_Work instruction_.
Give again the lines of the data from its first line through the line with "exists (beta r". Change nothing.

_Data for review_.
★ ★ ★ ★

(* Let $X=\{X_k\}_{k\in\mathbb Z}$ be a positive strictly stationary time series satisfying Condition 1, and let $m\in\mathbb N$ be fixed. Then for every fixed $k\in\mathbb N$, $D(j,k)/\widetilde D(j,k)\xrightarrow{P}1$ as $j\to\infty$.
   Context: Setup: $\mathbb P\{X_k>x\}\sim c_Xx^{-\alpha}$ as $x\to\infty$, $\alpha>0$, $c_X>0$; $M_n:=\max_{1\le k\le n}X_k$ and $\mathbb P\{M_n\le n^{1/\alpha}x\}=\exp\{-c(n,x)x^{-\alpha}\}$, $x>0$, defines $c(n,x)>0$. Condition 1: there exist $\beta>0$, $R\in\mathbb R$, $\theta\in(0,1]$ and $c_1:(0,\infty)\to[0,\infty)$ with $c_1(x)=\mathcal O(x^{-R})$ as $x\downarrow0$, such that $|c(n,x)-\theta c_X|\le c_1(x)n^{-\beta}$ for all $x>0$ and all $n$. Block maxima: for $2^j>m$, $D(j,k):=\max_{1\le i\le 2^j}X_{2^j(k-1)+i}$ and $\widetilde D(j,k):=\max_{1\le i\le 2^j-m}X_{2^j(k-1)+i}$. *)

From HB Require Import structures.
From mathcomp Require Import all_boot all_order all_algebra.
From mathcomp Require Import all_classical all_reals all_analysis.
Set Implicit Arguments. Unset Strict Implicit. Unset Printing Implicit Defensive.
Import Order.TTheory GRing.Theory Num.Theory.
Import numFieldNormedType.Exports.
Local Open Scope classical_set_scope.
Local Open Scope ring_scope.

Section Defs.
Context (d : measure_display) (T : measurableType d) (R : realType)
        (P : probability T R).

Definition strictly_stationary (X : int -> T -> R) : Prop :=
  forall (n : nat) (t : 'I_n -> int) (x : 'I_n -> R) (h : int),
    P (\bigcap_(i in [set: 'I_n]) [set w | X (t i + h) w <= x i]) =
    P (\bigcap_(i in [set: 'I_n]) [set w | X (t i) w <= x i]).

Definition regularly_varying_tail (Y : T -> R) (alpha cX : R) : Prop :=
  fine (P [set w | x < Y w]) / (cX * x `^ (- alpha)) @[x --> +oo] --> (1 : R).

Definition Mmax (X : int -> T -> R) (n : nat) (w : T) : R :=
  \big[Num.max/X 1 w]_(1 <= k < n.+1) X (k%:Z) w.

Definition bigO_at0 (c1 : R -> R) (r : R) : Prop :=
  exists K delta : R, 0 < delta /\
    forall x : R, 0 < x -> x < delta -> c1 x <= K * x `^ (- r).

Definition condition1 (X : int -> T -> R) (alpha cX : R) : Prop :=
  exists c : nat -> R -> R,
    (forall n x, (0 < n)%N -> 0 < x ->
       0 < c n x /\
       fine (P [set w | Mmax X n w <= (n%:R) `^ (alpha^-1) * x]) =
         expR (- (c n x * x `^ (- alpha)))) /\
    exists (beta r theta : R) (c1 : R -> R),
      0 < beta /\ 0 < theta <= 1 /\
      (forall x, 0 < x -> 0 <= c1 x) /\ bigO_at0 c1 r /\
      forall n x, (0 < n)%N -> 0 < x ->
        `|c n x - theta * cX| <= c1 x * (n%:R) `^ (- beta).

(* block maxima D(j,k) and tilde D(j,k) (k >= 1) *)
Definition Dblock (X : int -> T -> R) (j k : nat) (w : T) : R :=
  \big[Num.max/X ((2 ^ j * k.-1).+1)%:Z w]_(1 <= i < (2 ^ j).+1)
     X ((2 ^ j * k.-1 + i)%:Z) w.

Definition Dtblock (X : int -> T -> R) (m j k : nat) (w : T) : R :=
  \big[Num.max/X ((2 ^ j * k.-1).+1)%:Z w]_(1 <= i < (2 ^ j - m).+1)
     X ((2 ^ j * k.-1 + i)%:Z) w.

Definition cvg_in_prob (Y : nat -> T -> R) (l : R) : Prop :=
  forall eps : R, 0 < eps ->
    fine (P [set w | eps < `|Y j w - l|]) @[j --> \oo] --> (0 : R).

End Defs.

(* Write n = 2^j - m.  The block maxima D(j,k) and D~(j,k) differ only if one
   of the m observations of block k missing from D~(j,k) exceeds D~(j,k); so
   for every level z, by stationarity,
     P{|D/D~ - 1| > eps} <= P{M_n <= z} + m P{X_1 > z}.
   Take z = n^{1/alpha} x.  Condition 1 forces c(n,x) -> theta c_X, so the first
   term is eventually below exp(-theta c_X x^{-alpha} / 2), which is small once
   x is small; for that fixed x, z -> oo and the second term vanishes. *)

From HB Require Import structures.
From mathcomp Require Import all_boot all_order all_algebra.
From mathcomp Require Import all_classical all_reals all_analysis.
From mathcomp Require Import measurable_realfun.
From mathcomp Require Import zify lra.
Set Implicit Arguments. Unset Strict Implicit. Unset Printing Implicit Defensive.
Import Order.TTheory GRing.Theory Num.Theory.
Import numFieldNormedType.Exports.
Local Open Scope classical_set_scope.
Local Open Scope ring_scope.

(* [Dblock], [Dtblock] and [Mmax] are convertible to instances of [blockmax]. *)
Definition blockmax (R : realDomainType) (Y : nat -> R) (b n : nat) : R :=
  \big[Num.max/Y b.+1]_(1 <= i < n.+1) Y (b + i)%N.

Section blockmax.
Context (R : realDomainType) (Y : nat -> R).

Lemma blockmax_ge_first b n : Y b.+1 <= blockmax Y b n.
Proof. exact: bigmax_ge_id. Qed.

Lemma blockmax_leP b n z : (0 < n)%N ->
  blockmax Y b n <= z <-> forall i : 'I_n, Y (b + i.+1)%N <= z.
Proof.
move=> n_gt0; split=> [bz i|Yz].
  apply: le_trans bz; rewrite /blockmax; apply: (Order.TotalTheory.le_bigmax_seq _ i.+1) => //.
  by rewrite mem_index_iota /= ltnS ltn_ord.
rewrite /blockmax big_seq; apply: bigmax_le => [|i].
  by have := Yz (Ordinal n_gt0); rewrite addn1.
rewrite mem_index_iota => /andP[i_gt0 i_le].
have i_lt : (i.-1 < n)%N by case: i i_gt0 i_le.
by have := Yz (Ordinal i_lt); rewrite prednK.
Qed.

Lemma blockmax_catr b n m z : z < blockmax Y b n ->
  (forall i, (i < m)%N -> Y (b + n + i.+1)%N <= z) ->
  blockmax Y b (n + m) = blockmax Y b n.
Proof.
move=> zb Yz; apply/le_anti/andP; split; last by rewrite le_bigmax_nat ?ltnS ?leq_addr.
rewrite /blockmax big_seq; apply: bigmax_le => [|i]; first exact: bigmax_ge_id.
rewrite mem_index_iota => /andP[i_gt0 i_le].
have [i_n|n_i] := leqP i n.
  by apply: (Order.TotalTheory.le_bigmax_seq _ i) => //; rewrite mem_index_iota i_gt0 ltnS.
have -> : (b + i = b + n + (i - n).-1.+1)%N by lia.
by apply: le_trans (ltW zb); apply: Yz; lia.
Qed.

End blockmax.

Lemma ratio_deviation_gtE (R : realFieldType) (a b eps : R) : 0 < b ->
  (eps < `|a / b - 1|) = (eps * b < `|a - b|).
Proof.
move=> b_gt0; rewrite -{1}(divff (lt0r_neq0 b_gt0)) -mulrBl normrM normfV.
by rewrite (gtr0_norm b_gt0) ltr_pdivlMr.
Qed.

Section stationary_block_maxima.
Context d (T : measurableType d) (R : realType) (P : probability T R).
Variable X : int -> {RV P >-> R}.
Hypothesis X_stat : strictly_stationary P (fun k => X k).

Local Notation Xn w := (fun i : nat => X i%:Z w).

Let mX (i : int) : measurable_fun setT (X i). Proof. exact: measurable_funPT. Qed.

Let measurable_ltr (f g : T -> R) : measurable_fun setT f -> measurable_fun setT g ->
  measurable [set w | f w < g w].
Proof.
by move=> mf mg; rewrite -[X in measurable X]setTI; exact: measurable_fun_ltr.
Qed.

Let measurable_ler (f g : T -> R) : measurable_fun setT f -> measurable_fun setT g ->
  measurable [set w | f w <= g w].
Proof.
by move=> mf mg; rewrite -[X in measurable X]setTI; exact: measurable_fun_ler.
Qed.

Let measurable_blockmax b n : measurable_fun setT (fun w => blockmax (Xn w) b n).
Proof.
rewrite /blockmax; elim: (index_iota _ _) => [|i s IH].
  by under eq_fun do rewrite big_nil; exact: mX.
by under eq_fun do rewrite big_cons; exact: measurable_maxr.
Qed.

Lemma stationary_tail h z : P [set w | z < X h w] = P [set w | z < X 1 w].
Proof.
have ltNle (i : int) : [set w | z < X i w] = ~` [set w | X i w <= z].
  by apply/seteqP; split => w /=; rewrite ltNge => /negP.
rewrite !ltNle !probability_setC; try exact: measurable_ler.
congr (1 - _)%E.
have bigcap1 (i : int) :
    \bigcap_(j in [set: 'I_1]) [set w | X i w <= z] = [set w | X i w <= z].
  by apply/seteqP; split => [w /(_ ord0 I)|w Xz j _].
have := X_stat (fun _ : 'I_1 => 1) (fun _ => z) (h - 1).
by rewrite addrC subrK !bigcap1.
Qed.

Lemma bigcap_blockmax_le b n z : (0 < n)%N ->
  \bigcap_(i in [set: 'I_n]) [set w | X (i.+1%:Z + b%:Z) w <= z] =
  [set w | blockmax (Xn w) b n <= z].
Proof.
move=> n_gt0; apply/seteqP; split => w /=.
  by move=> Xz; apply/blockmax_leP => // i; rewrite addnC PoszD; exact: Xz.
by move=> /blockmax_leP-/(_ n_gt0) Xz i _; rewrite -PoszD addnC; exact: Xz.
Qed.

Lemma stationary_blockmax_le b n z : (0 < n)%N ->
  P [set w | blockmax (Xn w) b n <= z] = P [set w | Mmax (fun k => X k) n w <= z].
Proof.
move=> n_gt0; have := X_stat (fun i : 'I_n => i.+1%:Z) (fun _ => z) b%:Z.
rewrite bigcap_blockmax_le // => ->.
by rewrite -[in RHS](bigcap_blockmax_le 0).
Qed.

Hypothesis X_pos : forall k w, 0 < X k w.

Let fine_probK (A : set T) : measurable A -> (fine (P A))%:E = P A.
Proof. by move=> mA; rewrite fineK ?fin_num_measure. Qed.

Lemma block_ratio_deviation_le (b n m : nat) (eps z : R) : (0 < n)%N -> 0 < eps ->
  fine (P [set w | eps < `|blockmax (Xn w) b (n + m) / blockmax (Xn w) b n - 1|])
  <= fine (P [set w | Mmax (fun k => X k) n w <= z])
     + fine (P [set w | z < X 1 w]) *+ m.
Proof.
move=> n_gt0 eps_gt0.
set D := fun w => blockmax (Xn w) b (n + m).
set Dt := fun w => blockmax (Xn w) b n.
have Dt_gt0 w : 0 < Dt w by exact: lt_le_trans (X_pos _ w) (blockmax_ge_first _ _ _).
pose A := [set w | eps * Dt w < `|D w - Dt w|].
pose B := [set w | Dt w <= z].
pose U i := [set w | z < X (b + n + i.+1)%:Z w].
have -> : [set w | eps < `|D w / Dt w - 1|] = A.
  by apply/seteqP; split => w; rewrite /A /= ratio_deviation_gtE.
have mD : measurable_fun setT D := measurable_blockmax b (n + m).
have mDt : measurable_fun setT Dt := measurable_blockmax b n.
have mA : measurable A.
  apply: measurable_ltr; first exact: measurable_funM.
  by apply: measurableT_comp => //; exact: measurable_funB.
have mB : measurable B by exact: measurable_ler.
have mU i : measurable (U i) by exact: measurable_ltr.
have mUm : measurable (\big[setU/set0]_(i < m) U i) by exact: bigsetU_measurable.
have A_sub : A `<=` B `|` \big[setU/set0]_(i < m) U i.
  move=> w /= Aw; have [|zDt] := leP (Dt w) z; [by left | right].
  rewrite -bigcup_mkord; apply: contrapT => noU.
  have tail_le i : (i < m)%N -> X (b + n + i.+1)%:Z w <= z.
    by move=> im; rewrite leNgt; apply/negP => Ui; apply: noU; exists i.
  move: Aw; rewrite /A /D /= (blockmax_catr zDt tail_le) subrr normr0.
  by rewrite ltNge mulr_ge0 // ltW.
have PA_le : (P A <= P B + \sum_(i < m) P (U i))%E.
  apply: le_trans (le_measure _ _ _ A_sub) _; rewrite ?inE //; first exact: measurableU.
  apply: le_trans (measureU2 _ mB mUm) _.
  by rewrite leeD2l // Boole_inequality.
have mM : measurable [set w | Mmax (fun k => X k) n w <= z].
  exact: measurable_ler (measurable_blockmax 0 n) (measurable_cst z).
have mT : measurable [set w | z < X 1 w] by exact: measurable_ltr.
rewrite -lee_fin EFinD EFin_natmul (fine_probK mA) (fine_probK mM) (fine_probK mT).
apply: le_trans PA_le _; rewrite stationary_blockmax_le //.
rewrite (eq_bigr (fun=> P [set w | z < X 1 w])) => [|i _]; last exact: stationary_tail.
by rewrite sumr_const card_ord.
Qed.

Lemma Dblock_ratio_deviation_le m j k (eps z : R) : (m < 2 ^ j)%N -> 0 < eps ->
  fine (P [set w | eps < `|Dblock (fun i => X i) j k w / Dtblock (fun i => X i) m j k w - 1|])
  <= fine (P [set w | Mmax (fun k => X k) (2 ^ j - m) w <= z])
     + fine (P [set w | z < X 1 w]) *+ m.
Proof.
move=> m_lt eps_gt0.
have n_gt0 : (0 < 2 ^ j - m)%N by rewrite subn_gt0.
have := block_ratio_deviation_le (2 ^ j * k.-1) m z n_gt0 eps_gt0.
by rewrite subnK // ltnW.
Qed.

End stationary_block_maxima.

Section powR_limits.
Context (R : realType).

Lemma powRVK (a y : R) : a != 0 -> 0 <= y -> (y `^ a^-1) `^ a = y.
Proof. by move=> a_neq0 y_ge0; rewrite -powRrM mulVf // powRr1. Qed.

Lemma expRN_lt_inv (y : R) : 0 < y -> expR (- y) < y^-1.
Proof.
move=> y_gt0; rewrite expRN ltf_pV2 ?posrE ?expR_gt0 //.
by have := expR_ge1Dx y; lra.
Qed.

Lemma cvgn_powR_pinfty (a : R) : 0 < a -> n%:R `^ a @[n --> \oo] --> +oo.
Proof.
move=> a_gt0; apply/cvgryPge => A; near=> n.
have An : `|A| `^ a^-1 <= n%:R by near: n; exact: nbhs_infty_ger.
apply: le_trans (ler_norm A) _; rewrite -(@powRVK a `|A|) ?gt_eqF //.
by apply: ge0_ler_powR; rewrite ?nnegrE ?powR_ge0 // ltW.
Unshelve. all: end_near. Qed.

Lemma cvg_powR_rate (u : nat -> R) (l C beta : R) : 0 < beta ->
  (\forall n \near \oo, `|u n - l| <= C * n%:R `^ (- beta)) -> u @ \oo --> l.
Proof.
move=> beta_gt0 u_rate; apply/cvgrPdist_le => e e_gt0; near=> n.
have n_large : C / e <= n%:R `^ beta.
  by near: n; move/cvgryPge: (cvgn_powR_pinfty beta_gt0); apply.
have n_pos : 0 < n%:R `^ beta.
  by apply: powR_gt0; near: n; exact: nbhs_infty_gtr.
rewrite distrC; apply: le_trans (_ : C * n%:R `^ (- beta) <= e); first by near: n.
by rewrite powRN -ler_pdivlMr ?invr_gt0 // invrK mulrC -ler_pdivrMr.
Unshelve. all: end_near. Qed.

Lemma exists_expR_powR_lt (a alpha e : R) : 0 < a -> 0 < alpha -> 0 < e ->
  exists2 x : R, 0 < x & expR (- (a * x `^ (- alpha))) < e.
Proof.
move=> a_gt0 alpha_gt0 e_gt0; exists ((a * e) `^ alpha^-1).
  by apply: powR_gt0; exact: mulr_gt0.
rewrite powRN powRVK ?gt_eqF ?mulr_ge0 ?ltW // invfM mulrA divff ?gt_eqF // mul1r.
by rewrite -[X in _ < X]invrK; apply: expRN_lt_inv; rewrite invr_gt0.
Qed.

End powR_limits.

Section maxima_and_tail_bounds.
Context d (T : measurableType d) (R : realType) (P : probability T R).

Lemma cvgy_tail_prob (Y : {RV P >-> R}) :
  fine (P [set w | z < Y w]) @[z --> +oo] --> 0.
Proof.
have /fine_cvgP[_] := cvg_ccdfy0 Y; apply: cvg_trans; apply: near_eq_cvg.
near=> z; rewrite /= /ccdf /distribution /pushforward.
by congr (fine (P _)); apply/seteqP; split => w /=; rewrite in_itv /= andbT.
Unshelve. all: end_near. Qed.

★ ★ ★ ★

_Solution_.
(* Let $X=\{X_k\}_{k\in\mathbb Z}$ be a positive strictly stationary time series satisfying Condition 1, and let $m\in\mathbb N$ be fixed. Then for every fixed $k\in\mathbb N$, $D(j,k)/\widetilde D(j,k)\xrightarrow{P}1$ as $j\to\infty$.
   Context: Setup: $\mathbb P\{X_k>x\}\sim c_Xx^{-\alpha}$ as $x\to\infty$, $\alpha>0$, $c_X>0$; $M_n:=\max_{1\le k\le n}X_k$ and $\mathbb P\{M_n\le n^{1/\alpha}x\}=\exp\{-c(n,x)x^{-\alpha}\}$, $x>0$, defines $c(n,x)>0$. Condition 1: there exist $\beta>0$, $R\in\mathbb R$, $\theta\in(0,1]$ and $c_1:(0,\infty)\to[0,\infty)$ with $c_1(x)=\mathcal O(x^{-R})$ as $x\downarrow0$, such that $|c(n,x)-\theta c_X|\le c_1(x)n^{-\beta}$ for all $x>0$ and all $n$. Block maxima: for $2^j>m$, $D(j,k):=\max_{1\le i\le 2^j}X_{2^j(k-1)+i}$ and $\widetilde D(j,k):=\max_{1\le i\le 2^j-m}X_{2^j(k-1)+i}$. *)

From HB Require Import structures.
From mathcomp Require Import all_boot all_order all_algebra.
From mathcomp Require Import all_classical all_reals all_analysis.
Set Implicit Arguments. Unset Strict Implicit. Unset Printing Implicit Defensive.
Import Order.TTheory GRing.Theory Num.Theory.
Import numFieldNormedType.Exports.
Local Open Scope classical_set_scope.
Local Open Scope ring_scope.

Section Defs.
Context (d : measure_display) (T : measurableType d) (R : realType)
        (P : probability T R).

Definition strictly_stationary (X : int -> T -> R) : Prop :=
  forall (n : nat) (t : 'I_n -> int) (x : 'I_n -> R) (h : int),
    P (\bigcap_(i in [set: 'I_n]) [set w | X (t i + h) w <= x i]) =
    P (\bigcap_(i in [set: 'I_n]) [set w | X (t i) w <= x i]).

Definition regularly_varying_tail (Y : T -> R) (alpha cX : R) : Prop :=
  fine (P [set w | x < Y w]) / (cX * x `^ (- alpha)) @[x --> +oo] --> (1 : R).

Definition Mmax (X : int -> T -> R) (n : nat) (w : T) : R :=
  \big[Num.max/X 1 w]_(1 <= k < n.+1) X (k%:Z) w.

Definition bigO_at0 (c1 : R -> R) (r : R) : Prop :=
  exists K delta : R, 0 < delta /\
    forall x : R, 0 < x -> x < delta -> c1 x <= K * x `^ (- r).

Definition condition1 (X : int -> T -> R) (alpha cX : R) : Prop :=
  exists c : nat -> R -> R,
    (forall n x, (0 < n)%N -> 0 < x ->
       0 < c n x /\
       fine (P [set w | Mmax X n w <= (n%:R) `^ (alpha^-1) * x]) =
         expR (- (c n x * x `^ (- alpha)))) /\
    exists (beta r theta : R) (c1 : R -> R),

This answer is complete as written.